** Problem to solve **
Please transcribe exactly, and only, the lines of the data below between the line holding "rewrite mulnC -sum_nat_const;" and the line holding "apply: leq_sum => v", inclusive.

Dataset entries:
--- START ---
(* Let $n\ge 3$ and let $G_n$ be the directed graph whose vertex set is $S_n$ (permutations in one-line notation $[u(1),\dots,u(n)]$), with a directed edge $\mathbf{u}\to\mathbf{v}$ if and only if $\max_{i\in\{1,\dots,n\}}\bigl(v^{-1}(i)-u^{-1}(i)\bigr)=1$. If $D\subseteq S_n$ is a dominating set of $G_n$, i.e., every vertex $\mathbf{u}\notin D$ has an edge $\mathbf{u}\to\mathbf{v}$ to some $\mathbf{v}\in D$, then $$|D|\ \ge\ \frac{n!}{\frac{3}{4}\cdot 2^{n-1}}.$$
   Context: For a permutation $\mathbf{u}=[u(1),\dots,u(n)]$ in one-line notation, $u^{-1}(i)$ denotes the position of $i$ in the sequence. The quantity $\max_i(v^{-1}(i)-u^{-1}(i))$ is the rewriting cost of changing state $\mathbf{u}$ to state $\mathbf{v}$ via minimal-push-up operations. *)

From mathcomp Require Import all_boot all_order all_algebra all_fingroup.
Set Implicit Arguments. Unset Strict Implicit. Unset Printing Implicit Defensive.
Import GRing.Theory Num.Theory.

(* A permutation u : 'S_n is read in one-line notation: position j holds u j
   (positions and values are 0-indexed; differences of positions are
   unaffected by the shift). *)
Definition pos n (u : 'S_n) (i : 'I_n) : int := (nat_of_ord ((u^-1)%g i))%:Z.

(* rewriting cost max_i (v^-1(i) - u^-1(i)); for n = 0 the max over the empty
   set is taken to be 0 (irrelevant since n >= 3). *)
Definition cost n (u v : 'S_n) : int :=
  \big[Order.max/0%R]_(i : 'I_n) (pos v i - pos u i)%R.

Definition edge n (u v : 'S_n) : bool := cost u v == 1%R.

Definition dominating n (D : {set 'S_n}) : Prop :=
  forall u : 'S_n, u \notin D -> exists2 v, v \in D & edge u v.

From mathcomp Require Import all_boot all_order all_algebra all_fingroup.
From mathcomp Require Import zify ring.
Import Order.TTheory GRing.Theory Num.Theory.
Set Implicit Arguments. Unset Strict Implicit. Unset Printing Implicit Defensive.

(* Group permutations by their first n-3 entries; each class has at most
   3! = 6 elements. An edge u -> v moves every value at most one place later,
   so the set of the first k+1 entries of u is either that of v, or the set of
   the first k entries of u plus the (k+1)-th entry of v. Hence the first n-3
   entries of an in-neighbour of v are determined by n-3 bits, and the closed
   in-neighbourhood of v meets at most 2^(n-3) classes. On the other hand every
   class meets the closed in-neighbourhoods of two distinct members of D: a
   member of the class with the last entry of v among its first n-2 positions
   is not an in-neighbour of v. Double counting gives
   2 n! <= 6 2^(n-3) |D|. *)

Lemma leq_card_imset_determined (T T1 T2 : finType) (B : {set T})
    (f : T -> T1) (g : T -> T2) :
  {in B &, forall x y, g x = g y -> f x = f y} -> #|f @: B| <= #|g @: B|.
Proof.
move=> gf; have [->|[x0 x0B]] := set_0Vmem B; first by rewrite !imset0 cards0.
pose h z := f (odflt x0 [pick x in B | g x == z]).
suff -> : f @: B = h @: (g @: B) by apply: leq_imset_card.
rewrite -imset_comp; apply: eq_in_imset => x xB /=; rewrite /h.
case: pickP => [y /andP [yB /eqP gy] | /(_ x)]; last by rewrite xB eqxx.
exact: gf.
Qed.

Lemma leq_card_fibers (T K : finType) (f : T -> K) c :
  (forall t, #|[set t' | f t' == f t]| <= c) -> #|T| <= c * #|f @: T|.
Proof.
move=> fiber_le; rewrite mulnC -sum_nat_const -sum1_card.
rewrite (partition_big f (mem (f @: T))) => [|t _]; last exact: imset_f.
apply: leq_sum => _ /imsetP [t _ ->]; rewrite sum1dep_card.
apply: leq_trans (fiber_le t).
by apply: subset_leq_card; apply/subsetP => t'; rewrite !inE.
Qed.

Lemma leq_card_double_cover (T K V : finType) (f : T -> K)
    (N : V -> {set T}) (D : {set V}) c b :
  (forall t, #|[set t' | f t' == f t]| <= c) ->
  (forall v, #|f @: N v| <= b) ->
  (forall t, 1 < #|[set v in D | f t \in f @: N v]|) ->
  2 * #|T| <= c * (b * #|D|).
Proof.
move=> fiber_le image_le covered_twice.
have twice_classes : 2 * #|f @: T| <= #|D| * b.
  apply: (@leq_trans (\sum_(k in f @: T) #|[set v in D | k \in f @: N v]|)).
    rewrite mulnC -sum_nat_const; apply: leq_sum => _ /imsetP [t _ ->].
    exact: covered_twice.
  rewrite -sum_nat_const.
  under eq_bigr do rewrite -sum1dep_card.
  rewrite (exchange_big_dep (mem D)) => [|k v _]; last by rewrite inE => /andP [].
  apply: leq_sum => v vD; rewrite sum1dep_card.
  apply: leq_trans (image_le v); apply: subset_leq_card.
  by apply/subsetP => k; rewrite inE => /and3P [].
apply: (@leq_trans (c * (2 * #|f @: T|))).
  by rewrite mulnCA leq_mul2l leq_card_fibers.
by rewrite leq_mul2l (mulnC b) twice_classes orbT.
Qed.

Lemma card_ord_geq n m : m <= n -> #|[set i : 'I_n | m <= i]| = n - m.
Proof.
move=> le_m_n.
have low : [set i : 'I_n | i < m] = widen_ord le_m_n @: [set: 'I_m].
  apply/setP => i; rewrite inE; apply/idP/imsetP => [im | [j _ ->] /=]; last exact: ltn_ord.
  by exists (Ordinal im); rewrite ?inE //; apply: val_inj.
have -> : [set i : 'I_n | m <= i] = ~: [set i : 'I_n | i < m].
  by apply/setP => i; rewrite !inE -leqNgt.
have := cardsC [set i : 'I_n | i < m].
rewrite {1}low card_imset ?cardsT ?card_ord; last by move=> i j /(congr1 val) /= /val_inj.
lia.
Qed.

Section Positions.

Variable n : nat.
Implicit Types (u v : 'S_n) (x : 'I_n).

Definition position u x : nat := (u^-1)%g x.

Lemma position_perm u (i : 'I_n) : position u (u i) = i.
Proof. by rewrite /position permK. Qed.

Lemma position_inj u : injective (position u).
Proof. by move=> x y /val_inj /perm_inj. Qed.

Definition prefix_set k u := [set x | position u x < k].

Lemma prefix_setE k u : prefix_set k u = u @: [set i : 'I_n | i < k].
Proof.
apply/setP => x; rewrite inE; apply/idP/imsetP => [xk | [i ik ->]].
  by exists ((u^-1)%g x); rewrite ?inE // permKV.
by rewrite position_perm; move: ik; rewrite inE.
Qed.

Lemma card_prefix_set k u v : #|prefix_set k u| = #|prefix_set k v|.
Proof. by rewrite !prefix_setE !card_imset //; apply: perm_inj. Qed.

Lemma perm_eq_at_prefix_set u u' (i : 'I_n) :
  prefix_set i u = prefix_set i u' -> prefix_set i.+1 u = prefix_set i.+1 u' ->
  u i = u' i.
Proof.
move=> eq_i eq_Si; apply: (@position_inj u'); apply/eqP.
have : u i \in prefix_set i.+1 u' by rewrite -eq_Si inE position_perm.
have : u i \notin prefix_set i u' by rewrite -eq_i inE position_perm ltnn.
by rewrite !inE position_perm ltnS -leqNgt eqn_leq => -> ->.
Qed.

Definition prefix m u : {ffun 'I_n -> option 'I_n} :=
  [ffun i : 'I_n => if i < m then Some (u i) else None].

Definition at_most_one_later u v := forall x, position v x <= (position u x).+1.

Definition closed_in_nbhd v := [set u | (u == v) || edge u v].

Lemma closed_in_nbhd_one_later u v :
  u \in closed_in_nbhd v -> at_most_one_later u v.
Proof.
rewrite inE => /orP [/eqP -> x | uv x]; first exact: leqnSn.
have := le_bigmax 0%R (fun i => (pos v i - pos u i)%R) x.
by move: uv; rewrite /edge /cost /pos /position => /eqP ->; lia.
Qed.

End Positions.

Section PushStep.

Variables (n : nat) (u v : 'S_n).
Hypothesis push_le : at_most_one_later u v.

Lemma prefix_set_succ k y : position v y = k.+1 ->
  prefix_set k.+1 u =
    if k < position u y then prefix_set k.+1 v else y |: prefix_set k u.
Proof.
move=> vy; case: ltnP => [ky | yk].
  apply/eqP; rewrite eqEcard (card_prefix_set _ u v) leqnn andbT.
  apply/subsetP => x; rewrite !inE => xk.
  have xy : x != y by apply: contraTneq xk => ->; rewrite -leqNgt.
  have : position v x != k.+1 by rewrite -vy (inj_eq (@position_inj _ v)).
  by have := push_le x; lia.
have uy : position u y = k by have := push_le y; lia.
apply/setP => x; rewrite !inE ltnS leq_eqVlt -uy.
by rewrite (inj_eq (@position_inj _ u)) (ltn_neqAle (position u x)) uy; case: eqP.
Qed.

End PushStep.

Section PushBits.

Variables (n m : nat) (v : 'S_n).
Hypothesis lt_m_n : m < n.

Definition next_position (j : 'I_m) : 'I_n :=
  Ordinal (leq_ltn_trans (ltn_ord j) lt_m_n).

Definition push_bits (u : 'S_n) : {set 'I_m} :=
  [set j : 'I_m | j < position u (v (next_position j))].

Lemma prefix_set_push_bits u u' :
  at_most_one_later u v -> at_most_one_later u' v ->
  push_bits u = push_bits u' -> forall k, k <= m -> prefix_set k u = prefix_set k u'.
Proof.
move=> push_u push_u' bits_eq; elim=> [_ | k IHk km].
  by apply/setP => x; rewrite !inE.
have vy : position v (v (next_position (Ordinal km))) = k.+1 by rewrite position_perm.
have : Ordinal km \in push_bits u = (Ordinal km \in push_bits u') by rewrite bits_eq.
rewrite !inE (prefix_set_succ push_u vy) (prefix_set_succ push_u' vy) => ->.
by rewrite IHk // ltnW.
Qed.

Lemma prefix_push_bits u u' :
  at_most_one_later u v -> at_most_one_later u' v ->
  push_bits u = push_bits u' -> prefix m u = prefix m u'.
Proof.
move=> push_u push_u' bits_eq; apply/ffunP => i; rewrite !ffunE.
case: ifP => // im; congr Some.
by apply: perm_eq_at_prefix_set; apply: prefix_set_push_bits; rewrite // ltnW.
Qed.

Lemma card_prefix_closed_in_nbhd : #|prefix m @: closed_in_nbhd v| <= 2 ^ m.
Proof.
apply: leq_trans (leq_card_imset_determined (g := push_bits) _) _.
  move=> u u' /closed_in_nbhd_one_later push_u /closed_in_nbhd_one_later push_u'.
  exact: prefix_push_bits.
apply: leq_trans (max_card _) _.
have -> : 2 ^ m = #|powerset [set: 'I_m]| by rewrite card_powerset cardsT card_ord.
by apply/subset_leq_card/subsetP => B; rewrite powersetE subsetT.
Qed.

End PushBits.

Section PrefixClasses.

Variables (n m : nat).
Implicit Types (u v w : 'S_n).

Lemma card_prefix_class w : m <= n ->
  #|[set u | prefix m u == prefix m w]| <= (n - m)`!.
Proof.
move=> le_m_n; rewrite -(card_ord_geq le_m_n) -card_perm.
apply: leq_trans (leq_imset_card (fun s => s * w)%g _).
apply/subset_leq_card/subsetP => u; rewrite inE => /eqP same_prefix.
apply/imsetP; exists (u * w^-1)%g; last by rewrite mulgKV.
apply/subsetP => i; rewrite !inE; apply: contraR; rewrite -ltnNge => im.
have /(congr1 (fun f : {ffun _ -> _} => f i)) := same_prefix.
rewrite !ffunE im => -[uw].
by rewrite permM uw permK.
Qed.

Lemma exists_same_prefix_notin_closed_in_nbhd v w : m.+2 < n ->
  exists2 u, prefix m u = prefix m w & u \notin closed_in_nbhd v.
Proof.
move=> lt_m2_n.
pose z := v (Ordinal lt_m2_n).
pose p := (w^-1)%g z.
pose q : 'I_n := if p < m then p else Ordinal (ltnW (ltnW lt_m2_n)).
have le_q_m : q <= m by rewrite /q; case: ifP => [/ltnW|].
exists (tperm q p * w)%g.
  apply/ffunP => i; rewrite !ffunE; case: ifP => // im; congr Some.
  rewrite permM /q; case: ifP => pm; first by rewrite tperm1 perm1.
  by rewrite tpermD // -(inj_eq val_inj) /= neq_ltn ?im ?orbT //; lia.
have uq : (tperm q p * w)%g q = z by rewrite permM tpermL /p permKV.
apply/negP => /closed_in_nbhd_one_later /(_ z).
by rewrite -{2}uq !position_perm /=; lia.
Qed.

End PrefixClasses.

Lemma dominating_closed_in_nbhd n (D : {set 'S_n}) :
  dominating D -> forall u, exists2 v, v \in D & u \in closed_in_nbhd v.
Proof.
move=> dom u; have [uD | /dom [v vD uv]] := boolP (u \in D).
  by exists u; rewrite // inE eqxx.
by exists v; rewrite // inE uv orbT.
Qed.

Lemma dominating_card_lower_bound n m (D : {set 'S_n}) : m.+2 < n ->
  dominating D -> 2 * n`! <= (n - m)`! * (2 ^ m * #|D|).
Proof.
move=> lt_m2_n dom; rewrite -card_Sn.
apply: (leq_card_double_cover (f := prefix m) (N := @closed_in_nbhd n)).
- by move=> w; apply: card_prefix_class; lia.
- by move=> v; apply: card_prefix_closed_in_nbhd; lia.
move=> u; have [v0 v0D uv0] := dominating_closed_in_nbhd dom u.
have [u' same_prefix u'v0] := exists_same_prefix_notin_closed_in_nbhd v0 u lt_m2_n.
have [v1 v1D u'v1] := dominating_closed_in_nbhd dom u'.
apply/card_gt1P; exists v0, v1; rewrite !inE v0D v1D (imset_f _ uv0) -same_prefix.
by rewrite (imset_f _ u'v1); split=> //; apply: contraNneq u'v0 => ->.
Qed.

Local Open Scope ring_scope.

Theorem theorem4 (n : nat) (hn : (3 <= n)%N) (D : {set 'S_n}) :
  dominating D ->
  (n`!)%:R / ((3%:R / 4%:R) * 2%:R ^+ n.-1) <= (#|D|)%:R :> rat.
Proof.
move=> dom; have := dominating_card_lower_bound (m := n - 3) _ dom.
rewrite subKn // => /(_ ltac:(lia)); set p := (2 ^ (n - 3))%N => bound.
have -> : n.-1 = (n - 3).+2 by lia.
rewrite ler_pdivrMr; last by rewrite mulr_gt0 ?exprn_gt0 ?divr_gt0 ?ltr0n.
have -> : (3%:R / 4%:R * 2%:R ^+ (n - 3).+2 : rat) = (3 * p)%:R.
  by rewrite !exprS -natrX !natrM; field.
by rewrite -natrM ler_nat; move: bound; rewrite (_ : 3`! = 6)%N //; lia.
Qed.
--- END ---
** Expected output **
    rewrite mulnC -sum_nat_const; apply: leq_sum => _ /imsetP [t _ ->].
    exact: covered_twice.
  rewrite -sum_nat_const.
  under eq_bigr do rewrite -sum1dep_card.
  rewrite (exchange_big_dep (mem D)) => [|k v _]; last by rewrite inE => /andP [].
  apply: leq_sum => v vD; rewrite sum1dep_card.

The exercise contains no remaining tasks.